A split is basically a program where you take a session of exercises and train a certain muscle group in one day. With a one day split, you will train a group of muscles and take one day off. The day after an off day, you will then train another muscle group. After that, you will again have one day off. You won’t be able to get two of each muscle in one week with a one day split.

It will be better if you do a two-day split where you will do a group of muscles on the first day. On the second day, you will do another group of muscles and take off the third day for the recovery. You can repeat this two times a week and thus allow better results for your muscle building.

What Will be a Good Split System to Train With?

With a good split system, you would want optimal results from your training sessions, as this will allow for better muscle build. In a typical two day split, you will start out on the first day doing the chest with its supporting muscle groups. That will be basic chest exercises that will involve the triceps and the pectorals together in one training session.

Together with that, you will do the legs or other minor exercises to complete the full workout session in one day. The following day, you will do the back muscles by doing exercises for the back muscle group and its supporting muscles. That will typically include the biceps and are all of the back and supporting minor muscles. The third day will be an off day to allow all the muscles that were involved in the training sessions, all the benefits.

These benefits will typically be the protein synthesis that will be elevated for 48 hours. After everything has returned to normal on the fourth day and you have reaped all the benefits, you can start it all over again. This way, you can allow your muscles to go through all the benefits two times a week for much better muscle growth results.

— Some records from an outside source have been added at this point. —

Lemma coef11_bounded_partials : bounded_partials (e11 coef) 10.
Proof.
  rewrite e11_coef.
  apply bounded_partials_sepsum with
    (fun _ => 0) (fun t => k' / (2 * k) * mu_d t) (fun x => - k * sin (k * x))
    (fun y => - k' * sin (k' * y));
    [intros; apply is_derive_const_fun | apply has_C1_derive_scal, has_C1_derive_mu
    | apply has_C1_derive_cos | apply has_C1_derive_cos |].
  intros x y t; destruct (coef_entries_small t) as (_ & _ & Hm & _ & Hm1 & _).
  pose proof (Rabs_cos_le1 (k * x)); pose proof (Rabs_cos_le1 (k' * y)).
  pose proof (Rabs_sin_le1 (k * x)); pose proof (Rabs_sin_le1 (k' * y)).
  split; [| split].
  - replace (k' / (2 * k) * mu t * (- k * sin (k * x)) * cos (k' * y))
      with ((- (k' / 2) * mu t) * sin (k * x) * cos (k' * y)) by (field; lra).
    eapply Rle_trans; [apply (Rabs_mult3_le (1 / 2) 1 1); auto | lra].
    rewrite Rabs_mult, Rabs_Ropp, Rabs_right by lra; nra.
  - replace (k' / (2 * k) * mu t * cos (k * x) * (- k' * sin (k' * y)))
      with ((- (k' / (2 * k)) * (k' * mu t)) * cos (k * x) * sin (k' * y)) by ring.
    eapply Rle_trans; [apply (Rabs_mult3_le 1 1 1); auto | lra].
    rewrite !Rabs_mult, Rabs_Ropp, (Rabs_right (k' / (2 * k))), (Rabs_right k') by lra.
    pose proof (Rabs_pos (mu t)); nra.
  - rewrite Rplus_0_l.
    eapply Rle_trans; [apply (Rabs_mult3_le 1 1 1); auto | lra].
    rewrite Rabs_mult, Rabs_right by lra; pose proof (Rabs_pos (mu_d t)); nra.
Qed.
(* Let $A$ be a complex vector space of countable dimension, and let $\mu\colon A^*\to A$ and $\nu\colon A^*\to A$ be linear maps such that $\alpha(\mu(\beta))=\beta(\nu(\alpha))$ for all $\alpha,\beta\in A^*$. Then $\mathrm{im}\,\mu$ and $\mathrm{im}\,\nu$ are finite-dimensional and $\dim\mathrm{im}\,\mu=\dim\mathrm{im}\,\nu$. *)

From mathcomp Require Import all_boot all_algebra complex reals.
Set Implicit Arguments. Unset Strict Implicit. Unset Printing Implicit Defensive.
Import GRing.Theory.
Local Open Scope ring_scope.

Section LinAlg.
Variables (K : fieldType) (V : lmodType K).

Definition lin_indep (I : eqType) (e : I -> V) : Prop :=
  forall (s : seq I) (c : I -> K), uniq s ->
    \sum_(i <- s) c i *: e i = 0 -> forall i, i \in s -> c i = 0.

Definition spans (I : Type) (e : I -> V) : Prop :=
  forall v : V, exists (s : seq I) (c : I -> K), v = \sum_(i <- s) c i *: e i.

Definition is_basis (I : eqType) (e : I -> V) : Prop := lin_indep e /\ spans e.

Definition countable_dim : Prop :=
  exists (I : countType) (e : I -> V), is_basis e.

Definition has_dim (S : V -> Prop) (n : nat) : Prop :=
  exists b : 'I_n -> V,
    (forall i, S (b i)) /\ lin_indep b /\
    (forall v, S v -> exists c : 'I_n -> K, v = \sum_(i < n) c i *: b i).
(* Occupancy: sdist p0 p pi t = distribution of the state at step t+1  *)
(* under policy pi started from initial distribution p0;               *)
(* w pi t (s,a) = P(s_t = s, a_t = a).                                 *)
Fixpoint sdist {R : realType} {S A : finType} (p0 : S -> R)
    (p : S -> A -> S -> R) (pi : S -> nat -> A) (t : nat) : S -> R :=
  match t with
  | 0 => p0
  | t'.+1 => fun s' => \sum_(s : S) sdist p0 p pi t' s * p s (pi s t'.+1) s'
  end.

Definition wocc {R : realType} {S A : finType} (p0 : S -> R)
    (p : S -> A -> S -> R) (pi : S -> nat -> A) (t : nat) (s : S) (a : A) : R :=
  sdist p0 p pi t.-1 s * (pi s t == a)%:R.

(* "Outside of the failure event".  When n_k(s,a) = 0, phi_k(s,a) = +oo *)
(* and the three concentration conditions hold trivially.              *)
Definition no_failure {R : realType} {S A : finType} (H : nat) (delta : R)
    (p0 : S -> R) (p : S -> A -> S -> R) (r : S -> A -> R)
    (x : nat -> nat -> S) (rw : nat -> nat -> R)
    (pol : nat -> S -> nat -> A) : Prop :=
  forall (k : nat) (s : S) (a : A),
    let n := n_of H x pol k s a in
    let ph := confw S A H delta n in
    let rhat := l_of H x rw pol k s a / n%:R in
    let phat := fun s' => (m_of H x pol k s a s')%:R / n%:R in
    [/\ n%:R >= 2^-1 * (\sum_(i < k) \sum_(1 <= t < H.+1) wocc p0 p (pol i) t s a)
                - H%:R * ln (9 * #|S|%:R * #|A|%:R / delta),
        (0 < n)%N -> `|rhat - r s a| <= ph,
        (0 < n)%N -> forall t, (1 <= t <= H)%N ->
           `|\sum_(s' : S) (phat s' - p s a s') * Vopt p r H t.+1 s'|
             <= rng (Vopt p r H t.+1) * ph
      & (0 < n)%N -> \sum_(s' : S) `|phat s' - p s a s'| <= 4 * Num.sqrt #|S|%:R * ph].

From HB Require Import structures.
From mathcomp Require Import all_boot all_order all_algebra.
From mathcomp Require Import all_classical all_reals all_analysis.
From mathcomp Require Import ring lra zify.
Import Order.TTheory GRing.Theory Num.Theory.
Local Open Scope ring_scope.

(* Within an episode, optimism is proved by backward induction over t, jointly
   with a bound on how optimistic the planner is: whenever phi^+ is finite,
   V~_t - V*_t <= phi^+ ((H + 1 - t) / H)^2.  Since that factor is at most 1,
   this bound gives rng V*_{t+1} <= rng V~_{t+1} + phi^+, so on the
   failure-free event the bonus of Q(a) dominates (p^ - p)^T V*_{t+1} and
   Q(a) >= r(s,a) + p(s,a)^T V*_{t+1} for every a.  Conversely, one Bellman
   step adds at most (2 + (H - t) + 4 sqrt S (H - t)) phi to the gap, and the
   update phi^+ <- max(4 sqrt S H^2 phi, phi^+) makes this fit into the growth
   of ((H + 1 - t) / H)^2. *)

Lemma foldl_ind (T X : Type) (f : X -> T -> X) (P : seq T -> X -> Prop) (x0 : X) :
  P [::] x0 -> (forall D x y, P D x -> P (rcons D y) (f x y)) ->
  forall L, P L (foldl f x0 L).
Proof. by move=> P0 Pstep; elim/last_ind => [|L y IH] //; rewrite foldl_rcons; apply: Pstep. Qed.

Lemma gap_growth {R : realFieldType} {phi q j x0 x w : R} :
  0 <= phi -> 4 <= q -> 0 <= j -> 0 <= w -> x0 <= x -> q * phi <= x * w ->
  phi * (2 + j + q * j) + x0 * (j ^+ 2 * w) <= x * ((j + 1) ^+ 2 * w).
Proof.
move=> phi0 q4 j0 w0 x0x qphi.
have : 0 <= (x - x0) * (j ^+ 2 * w) by rewrite mulr_ge0 ?subr_ge0 ?mulr_ge0 ?exprn_ge0.
have : 0 <= (x * w - q * phi) * (2 * j + 1) by rewrite mulr_ge0 ?subr_ge0 //; lra.
have : 0 <= phi * ((q - 1) * j + (q - 2)) by rewrite mulr_ge0 // addr_ge0 ?mulr_ge0 //; lra.
have -> : x * ((j + 1) ^+ 2 * w) = x * (j ^+ 2 * w) + x * w * (2 * j + 1) by ring.
nra.
Qed.

Section FiniteMax.
Context {R : realType} {T : finType}.
Implicit Types (f g q : T -> R) (c d : R).

Lemma le_fmax f y : f y <= fmax f.
Proof.
rewrite /fmax; case E: (enum T) => [|x0 rest]; last exact: le_bigmax.
by have := mem_enum T y; rewrite E in_nil inE.
Qed.

Lemma fmax_le {f c} (y0 : T) : (forall y, f y <= c) -> fmax f <= c.
Proof.
move=> fc; rewrite /fmax; case E: (enum T) => [|x0 rest].
  by have := mem_enum T y0; rewrite E in_nil inE.
by apply: bigmax_le => // y _.
Qed.

Lemma fmin_le f y : fmin f <= f y.
Proof. by rewrite /fmin lerNl le_fmax. Qed.

Lemma le_fmin {f c} (y0 : T) : (forall y, c <= f y) -> c <= fmin f.
Proof. by move=> cf; rewrite /fmin lerNr; apply: (fmax_le y0) => y; rewrite lerN2. Qed.

Lemma rng_le {f c} (y0 : T) : (forall y, 0 <= f y <= c) -> rng f <= c.
Proof.
move=> f0c; have := fmax_le y0 (fun y => proj2 (andP (f0c y))).
have := le_fmin y0 (fun y => proj1 (andP (f0c y))).
rewrite /rng; lra.
Qed.

Lemma rng_le_shift {f g d} (y0 : T) :
  (forall y, g y <= f y <= g y + d) -> rng g <= rng f + d.
Proof.
move=> gfd; have gf y := proj1 (andP (gfd y)); have fgd y := proj2 (andP (gfd y)).
have maxg : fmax g <= fmax f.
  by apply: (fmax_le y0) => y; exact: le_trans (gf y) (le_fmax f y).
have minf : fmin f - d <= fmin g.
  by apply: (le_fmin y0) => y; rewrite lerBlDr; exact: le_trans (fmin_le f y) (fgd y).
rewrite /rng; lra.
Qed.

Lemma expectation_le q g c :
  (forall y, 0 <= q y) -> \sum_y q y = 1 -> (forall y, g y <= c) -> \sum_y q y * g y <= c.
Proof.
move=> q0 q1 gc; apply: le_trans (_ : \sum_y q y * c <= _).
  by apply: ler_sum => y _; apply: ler_wpM2l.
by rewrite -big_distrl /= q1 mul1r.
Qed.

Lemma sum_mul_le_l1 (e v : T -> R) c :
  (forall y, 0 <= v y <= c) -> \sum_y e y * v y <= (\sum_y `|e y|) * c.
Proof.
move=> v0c; rewrite big_distrl /=; apply: ler_sum => y _.
have /andP[v0 vc] := v0c y.
apply: le_trans (ler_norm _) _; rewrite normrM (ger0_norm v0).
by apply: ler_wpM2l.
Qed.

End FiniteMax.

Section OptimalValue.
Context {R : realType} {S A : finType} {p : S -> A -> S -> R} {r : S -> A -> R}.
Hypothesis hp : forall s a s', 0 <= p s a s'.
Hypothesis hp1 : forall s a, \sum_s' p s a s' = 1.
Hypothesis hr : forall s a, 0 <= r s a <= 1.

Lemma Vstar_bounds (a0 : A) h s : 0 <= Vstar p r h s <= h%:R.
Proof.
elim: h s => [|h IH] s /=; first by rewrite lexx.
have V0h s' := IH s'.
have /andP[r0 r1] := hr s a0; apply/andP; split.
  apply: le_trans (le_fmax _ a0); apply: addr_ge0 => //.
  by apply: sumr_ge0 => s' _; exact: mulr_ge0 (hp _ _ _) (proj1 (andP (V0h s'))).
apply: (fmax_le a0) => a; rewrite -natr1 [_ + 1]addrC; apply: lerD.
  by have /andP[] := hr s a.
by apply: expectation_le => // s'; exact: proj2 (andP (V0h s')).
Qed.

Lemma Vopt_bounds (a0 : A) H t s : 0 <= Vopt p r H t s <= (H.+1 - t)%:R.
Proof. exact: Vstar_bounds. Qed.

Lemma Vopt_bellman H t s : (t <= H)%N ->
  Vopt p r H t s = fmax (fun a => r s a + \sum_s' p s a s' * Vopt p r H t.+1 s').
Proof. by move=> tH; rewrite /Vopt subSS subSn. Qed.

End OptimalValue.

Typical Exercises for Each Group

For the back muscles and its smaller support group (the biceps), it is good to do pull down exercises using barbells. Deadlift exercises with weights are also good for the back muscle group, as well as for the biceps. The group of muscles sometimes called the push muscles includes the back muscles and its smaller supporting muscles. These support muscles would be the triceps and pectorals, as well as the shoulder muscles.

What will be a good exercise for this group of muscles will be chest and shoulder presses, as well as close and reverse grip bench presses. Cable crossovers can also be effectively used for the chest, or push muscle group, for great muscle build. The legs consist of a group of muscles that can all be trained together, including the hamstrings and the calves and also the glutes. In a typical training session, the legs can be trained together with one of the other muscle groups.

When you choose the two-day split, you can do the back muscles and its supporting muscles together with the legs in one session. The following day you can do the chest muscle group together with its supporting muscle groups. That way, you will cover all the muscle groups in two days, and you will be able to repeat it two times a week. This workout program will allow you optimal results for your muscles. That way, you can expect good muscle growth from your training sessions.

Conclusion

Now that you have an inkling of an idea on how to plan your training program, you can start getting ready to get that necessary training. It is always a good idea to do your training with some expert advice and better results. Speak with a professional trainer regarding your training program and, of course, the correct nutrition program for the best results based on your needs.

As you can see, it is better to have a good training program before you start building your muscles and strength. There are other splits available that can be used for more experienced bodybuilders, so feel free to explore other and maybe better options available. But if you are just starting out or are looking for some variations in your workout, try out the recommendations above to make the most of your workout.